お久しぶりです。
今年は私が応援しています、北海道日本ハムファイターズが勝ったら更新する事にしました。あしからず。本日4/2勝利しましたので、うらすじ次回予告です。
第二十八話 銀色メゾンネイル
認知症の人が多く住んでいる高齢者専用マンション「シルバーメゾン」。週に一度、彼女はマニキュアを持ってやってくる。利用者にネイルカラーリングをして楽しんでもらうために。
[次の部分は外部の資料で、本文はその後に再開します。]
(* The intuitionistic modal logic $\mathsf{KM}\oplus\mathsf{LC}$ is exactly the set of formulas valid in the Kripke frame $(\omega,\ge,>)$, i.e. with worlds the natural numbers, intuitionistic order $m\unlhd n$ iff $m\ge n$, and modal accessibility $m\prec n$ iff $m>n$.
   Context: Formulas are built from variables, $\bot,\to,\wedge,\vee,\Box$. In a frame $(W,\unlhd,\prec)$, valuations assign $\unlhd$-upward closed sets to variables, connectives are interpreted in the Heyting algebra of upsets, and $\Box A=\{w\mid\forall x(w\prec x\Rightarrow x\in A)\}$; validity means denoting $W$ under every valuation. $\mathsf{KM}\oplus\mathsf{LC}$ is the smallest set of formulas containing all axioms of intuitionistic propositional logic, $\Box(A\to B)\to(\Box A\to\Box B)$, $(\Box A\to A)\to A$, $\Box A\to((B\to A)\vee B)$ and $(A\to B)\vee(B\to A)$, closed under modus ponens, necessitation and substitution. *)

From Stdlib Require Import Arith.

Inductive form : Type :=
| Var : nat -> form
| Bot : form
| Imp : form -> form -> form
| And : form -> form -> form
| Or  : form -> form -> form
| Box : form -> form.

Fixpoint subst (s : nat -> form) (A : form) : form :=
  match A with
  | Var p => s p
  | Bot => Bot
  | Imp B C => Imp (subst s B) (subst s C)
  | And B C => And (subst s B) (subst s C)
  | Or B C => Or (subst s B) (subst s C)
  | Box B => Box (subst s B)
  end.

Inductive ipc_axiom : form -> Prop :=
| ax_K  A B : ipc_axiom (Imp A (Imp B A))
| ax_S  A B C : ipc_axiom (Imp (Imp A (Imp B C)) (Imp (Imp A B) (Imp A C)))
| ax_andE1 A B : ipc_axiom (Imp (And A B) A)
| ax_andE2 A B : ipc_axiom (Imp (And A B) B)
| ax_andI A B : ipc_axiom (Imp A (Imp B (And A B)))
| ax_orI1 A B : ipc_axiom (Imp A (Or A B))
| ax_orI2 A B : ipc_axiom (Imp B (Or A B))
| ax_orE A B C : ipc_axiom (Imp (Imp A C) (Imp (Imp B C) (Imp (Or A B) C)))
| ax_efq A : ipc_axiom (Imp Bot A).

Inductive KMLC : form -> Prop :=
| kmlc_ipc A : ipc_axiom A -> KMLC A
| kmlc_K A B : KMLC (Imp (Box (Imp A B)) (Imp (Box A) (Box B)))
| kmlc_Lob A : KMLC (Imp (Imp (Box A) A) A)
| kmlc_KM A B : KMLC (Imp (Box A) (Or (Imp B A) B))
| kmlc_LC A B : KMLC (Or (Imp A B) (Imp B A))
| kmlc_mp A B : KMLC (Imp A B) -> KMLC A -> KMLC B
| kmlc_nec A : KMLC A -> KMLC (Box A)
| kmlc_subst (s : nat -> form) A : KMLC A -> KMLC (subst s A).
色鮮やかに輝く自分の爪を見て、無口な入居者もたちまち笑顔がこぼれる。綺麗にしてもらうのって何歳になっても嬉しいものだ。笑顔を引き出す事が一番難しいことだと、ケースワーカーさんやスタッフ職員の方が話してくれた事を思い出す。それはきっと、催し物をやるよりも、趣味のサークル参加よりもずっと自然な笑顔なのだろう。
認知症とは言えども、他人同然の同居者とヘルパーに囲まれた環境では話したいことも話せないのは俺と同じ。誰だってそうだとは言い切れないが、比較的多いのかもしれない。誰かの都合である日置かれたこの環境。最後まで人間らしくありたいと願うその手を、そっと握り返してあげたいと思う彼女の心はとても自然だと、そう思った。綺麗に彩る仕事をする彼女を。
今回の話はネイリストの話。暴力は無いから安心してくれ。ちょっとしたトラブルの解決に俺が走り回るだけ。平和じゃないけど、比較的平和なお話。俺は困っている人がいたら、助けてやりたいと思ってしまうお節介なお人好しなのさ。
いつの間にか笑顔を忘れてしまったあなたに、あの時の心をもう一度。若者軽視、老害嫌悪は時代遅れ。いくつになっても綺麗でありたい第二十八話。